Leslie Paul Thiele
Indra's Net and the Midas Touch: Living Sustainably in a Connected World
The MIT Press
344 pages, 6 x 9 inches
ISBN 978 0262016094
Sustainability is all the rage these days. It is espoused by government agencies from the local to the national, by international bodies, and by proliferating citizens’ groups and non-governmental organizations. It is being incorporated into existing academic programs and defines wholly new ones (like the one I direct). And it shapes business practices, from the community affairs of local grocers to the mission statements of Fortune 500 companies. Sustainability is widely championed today as a core value. At times bona fide commitment, at times greenwashing PR or a curtsey to trendiness, sustainability is very much in the news, in advertising, in our homes and offices, and on the streets.

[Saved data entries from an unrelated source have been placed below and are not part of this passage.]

(* Let $p\in(0,1)$, $d\ge2$ an integer, and fix $r_1,r_2\in\mathbb{R}$ with $r_2-r_1>0$. With $x_i=\big[-\kappa^2\frac{2}{d-1}r_it^{2/3}-\kappa s_it^{1/3}\big]$ and $n_i=\big[\frac{p(d-1)}{d(d-p)}t+\kappa^2\frac{2}{d(d-1)}r_it^{2/3}\big]$, there is a constant $C_1$ independent of $t$ such that for any $s_1,s_2\in\mathbb{R}$ the bound $$\kappa t^{1/3}\Big(\frac{d}{d-1}\Big)^{x_2+dn_2-(x_1+dn_1)}\Big(\frac{d^d}{(d-1)^{d-1}}\Big)^{n_1-n_2}\binom{x_1-x_2-1}{n_2-n_1-1}\le C_1e^{-|s_2-s_1|}$$ holds for $t$ large enough.
   Context: $\kappa=\frac{(2(1-p)p)^{1/3}(d(d-1))^{2/3}}{d-p}$; $[\cdot]$ is the integer part; $\binom{a}{b}=\frac{a!}{b!(a-b)!}$ for $0\le b\le a$ and $0$ otherwise. *)

From mathcomp Require Import all_boot all_order all_algebra.
From mathcomp Require Import reals sequences exp.
Set Implicit Arguments. Unset Strict Implicit. Unset Printing Implicit Defensive.
Import Order.TTheory GRing.Theory Num.Theory.
Local Open Scope ring_scope.

Definition binz (a b : int) : nat :=
  if (0 <= b) && (b <= a) then 'C(`|a|%N, `|b|%N) else 0%N.

Section Defs.
Variable R : realType.
Variables (p d : R).

Definition kappa : R :=
  powR (2 * (1 - p) * p) (1 / 3) * powR (d * (d - 1)) (2 / 3) / (d - p).

Definition xi (r s t : R) : int :=
  Num.floor (- kappa ^+ 2 * (2 / (d - 1)) * r * powR t (2 / 3)
             - kappa * s * powR t (1 / 3)).

Definition ni (r t : R) : int :=
  Num.floor (p * (d - 1) / (d * (d - p)) * t
             + kappa ^+ 2 * (2 / (d * (d - 1))) * r * powR t (2 / 3)).
End Defs.

From mathcomp Require Import all_boot all_order all_algebra.
From mathcomp Require Import reals sequences exp binomial_distribution.
From mathcomp Require Import ring lra.

(* Put X = x1 - x2, N = n2 - n1 and tau = t^(1/3).  Then X = c tau^2 + kappa (s2 - s1) tau + O(1)
   and N = c tau^2 / d + O(1) with c = 2 kappa^2 (r2 - r1) / (d - 1), and the left-hand side is
   kappa tau (1/d)^N (1 - 1/d)^(X-N) C(X-1, N-1) <= kappa tau P[Bin(X, 1/d) = N].
   The standard deviation of Bin(X, 1/d) is of order tau, while N lies about kappa |s2 - s1| tau / d
   away from the mean X/d.  Two elementary estimates on a binomial pmf finish the proof.  It is at
   most 2/(w+1) when w(w+1) is below the variance: from a point on the lower side of the mean, the
   ratio of consecutive values keeps the next w values above half of it, and all of them sum to at
   most 1.  And it decays like exp(-D^2/(2n)) at distance D from the mean, again by comparing
   consecutive values.  Hence kappa tau P[Bin(X, 1/d) = N] <= C exp(-gamma (s2 - s1)^2), and
   exp(-gamma x^2) <= exp(1/(4 gamma)) exp(-|x|). *)

Set Implicit Arguments. Unset Strict Implicit. Unset Printing Implicit Defensive.
Import Order.TTheory GRing.Theory Num.Theory.
Local Open Scope ring_scope.

Section binomial_pmf_bounds.
Variable R : realType.
Implicit Types (p s : R) (n k j w D : nat).

Lemma binomial_pmfE n p k :
  binomial_pmf n p k = 'C(n, k)%:R * p ^+ k * (1 - p) ^+ (n - k).
Proof. by rewrite /binomial_pmf -mulr_natl mulrA. Qed.

Lemma binomial_pmf_sum n p : \sum_(k < n.+1) binomial_pmf n p k = 1.
Proof.
rewrite -[RHS](expr1n _ n) -[1 in RHS](subrK p) exprDn.
by apply: eq_bigr => k _; rewrite binomial_pmfE -mulr_natl; ring.
Qed.

Lemma binomial_pmf_small n p k : (n < k)%N -> binomial_pmf n p k = 0.
Proof. by move=> ltnk; rewrite binomial_pmfE bin_small // !mul0r. Qed.

Lemma binomial_pmf_sym n p k : (k <= n)%N ->
  binomial_pmf n p k = binomial_pmf n (1 - p) (n - k).
Proof.
move=> lekn; rewrite !binomial_pmfE bin_sub // subKn //.
have -> : 1 - (1 - p) = p by ring.
ring.
Qed.

Lemma binomial_pmfS n p k : (k < n)%N ->
  binomial_pmf n p k.+1 * (k.+1%:R * (1 - p))
  = binomial_pmf n p k * ((n - k)%:R * p).
Proof.
move=> ltkn; rewrite !binomial_pmfE.
have binE : k.+1%:R * 'C(n, k.+1)%:R = (n - k)%:R * 'C(n, k)%:R :> R.
  by rewrite -!natrM mul_bin_left.
transitivity (k.+1%:R * 'C(n, k.+1)%:R * p ^+ k.+1 * (1 - p) ^+ (n - k.+1).+1).
  by rewrite !exprS; ring.
by rewrite binE (subnSK ltkn) exprS; ring.
Qed.

Lemma binomial_pmf_window_step n p k j : 0 < p < 1 -> k%:R <= n%:R * p ->
  (k + j < n)%N -> j.+1%:R <= n%:R * p * (1 - p) ->
  binomial_pmf n p (k + j) * (n%:R * p * (1 - p) - j.+1%:R)
  <= binomial_pmf n p (k + j).+1 * (n%:R * p * (1 - p)).
Proof.
move=> /andP[p0 p1] lekn ltkjn leA; set A := n%:R * p * (1 - p) in leA *.
have pos : 0 < (k + j).+1%:R * (1 - p) by apply: mulr_gt0; rewrite ?ltr0n ?subr_gt0.
rewrite -(ler_pM2r pos) [X in _ <= X]mulrAC binomial_pmfS // -!mulrA.
apply: ler_wpM2l; first by apply: binomial_pmf_ge0; lra.
rewrite natrB ?(ltnW ltkjn) // -!natr1 !natrD; rewrite -natr1 in leA.
set K := k%:R in lekn *; set J := j%:R in leA *; set N := n%:R in lekn A leA *.
have J0 : 0 <= J by rewrite ler0n.
have A0 : 0 <= A by lra.
have ratioE : (N - (K + J)) * (p * A) - (A - (J + 1)) * ((K + J + 1) * (1 - p))
  = (N * p - K) * (A * p + (A - J - 1) * (1 - p)) + A * p + (J + 1) ^+ 2 * (1 - p).
  by rewrite /A; ring.
rewrite -subr_ge0 ratioE.
apply: addr_ge0; [apply: addr_ge0|]; apply: mulr_ge0; rewrite ?sqr_ge0 //; try lra.
by apply: addr_ge0; apply: mulr_ge0; lra.
Qed.

Lemma binomial_pmf_window_ge n p k w j : 0 < p < 1 -> k%:R <= n%:R * p ->
  (k + w < n)%N -> (w * w.+1)%:R <= n%:R * p * (1 - p) -> (j <= w)%N ->
  binomial_pmf n p k * (2 * (n%:R * p * (1 - p)) - (j * j.+1)%:R)
  <= binomial_pmf n p (k + j) * (2 * (n%:R * p * (1 - p))).
Proof.
move=> p01 lekn ltkwn leA; set A := n%:R * p * (1 - p) in leA *.
have pmf0 i : 0 <= binomial_pmf n p i by apply: binomial_pmf_ge0; lra.
elim: j => [|j IH] lejw; first by rewrite addn0 mul0n subr0.
have {}IH := IH (ltnW lejw).
have leA1 : j.+1%:R <= A.
  by apply: le_trans leA; rewrite ler_nat (leq_trans lejw) ?leq_pmulr.
have A0 : 0 < A by apply: lt_le_trans leA1; rewrite ltr0n.
have ltkjn : (k + j < n)%N by apply: leq_ltn_trans ltkwn; rewrite leq_add2l ltnW.
have step := binomial_pmf_window_step p01 lekn ltkjn leA1.
rewrite addnS -(ler_pM2r A0).
apply: (@le_trans _ _ (binomial_pmf n p k * (2 * A - (j * j.+1)%:R) * (A - j.+1%:R))).
  rewrite -!mulrA; apply: ler_wpM2l => //.
  have J0 : 0 <= j%:R :> R by rewrite ler0n.
  rewrite -subr_ge0 !natrM -[j.+2]addn2 -[j.+1]addn1 !natrD.
  have -> : (2 * A - j%:R * (j%:R + 1)) * (A - (j%:R + 1))
      - (2 * A - (j%:R + 1) * (j%:R + 2%:R)) * A = j%:R * (j%:R + 1) ^+ 2 by ring.
  by apply: mulr_ge0; rewrite ?sqr_ge0.
apply: le_trans (ler_wpM2r _ IH) _; first lra.
have A2 : 0 <= 2 * A by lra.
have := ler_wpM2l A2 step; rewrite -/A.
lra.
Qed.

Lemma ler_sum_window (f : nat -> R) n k m : (forall i, 0 <= f i) ->
  (k + m <= n)%N -> \sum_(j < m) f (k + j) <= \sum_(i < n) f i.
Proof.
move=> f0 lekmn.
have -> : \sum_(j < m) f (k + j) = \sum_(k <= i < k + m) f i.
  rewrite -{2}(add0n k) big_addn addKn big_mkord.
  by apply: eq_bigr => j _; rewrite addnC.
rewrite -(big_mkord xpredT f) (big_cat_nat (leq0n k) (leq_trans (leq_addr m k) lekmn)) /=.
rewrite (big_cat_nat (leq_addr m k) lekmn) /=.
have [s1 s2] : 0 <= \sum_(0 <= i < k) f i /\ 0 <= \sum_(k + m <= i < n) f i.
  by split; apply: sumr_ge0.
lra.
Qed.

Lemma binomial_pmf_window_le n p k w : 0 < p < 1 -> k%:R <= n%:R * p ->
  w.+1%:R <= n%:R * (1 - p) -> (w * w.+1)%:R <= n%:R * p * (1 - p) ->
  binomial_pmf n p k <= 2 / w.+1%:R.
Proof.
move=> p01 lekn lewn leA; have /andP[p0 p1] := p01.
have pmf0 i : 0 <= binomial_pmf n p i by apply: binomial_pmf_ge0; lra.
have ltkwn : (k + w < n)%N by rewrite -(ltr_nat R) natrD; rewrite -natr1 in lewn; lra.
have A0 : 0 < n%:R * p * (1 - p).
  by rewrite !mulr_gt0 ?subr_gt0 // ltr0n (leq_ltn_trans _ ltkwn).
have half j : (j <= w)%N -> binomial_pmf n p k / 2 <= binomial_pmf n p (k + j).
  move=> lejw; have := binomial_pmf_window_ge p01 lekn ltkwn leA lejw.
  have lejA : (j * j.+1)%:R <= n%:R * p * (1 - p).
    by apply: le_trans leA; rewrite ler_nat leq_mul.
  have := pmf0 k; have := pmf0 (k + j); nra.
have lekwn : (k + w.+1 <= n.+1)%N by rewrite addnS ltnS ltnW.
have := ler_sum_window pmf0 lekwn.
rewrite binomial_pmf_sum => sum_le1.
have sum_half : \sum_(j < w.+1) (binomial_pmf n p k / 2)
    <= \sum_(j < w.+1) binomial_pmf n p (k + j).
  by apply: ler_sum => j _; apply: half; rewrite -ltnS.
have := le_trans sum_half sum_le1.
rewrite sumr_const card_ord -mulr_natr ler_pdivlMr ?ltr0n // => h.
lra.
Qed.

For two decades now, sustainability has been defined as the effort to meet social, environmental, and economic needs without undermining the capacity of future generations to meet their own needs. It addresses the question of how we can pursue the good life without this pursuit burdening progeny with debt and devastation. Living as we do in nations drowning in debt under skies thickening with greenhouse gases, the prospects for future generations appear rather glum. If sustainability is just the flavor of the day, we can be guaranteed, given the breadth and depth of the crises we face and the relatively meager efforts to address them thus far, that it is going to be a very, very long day.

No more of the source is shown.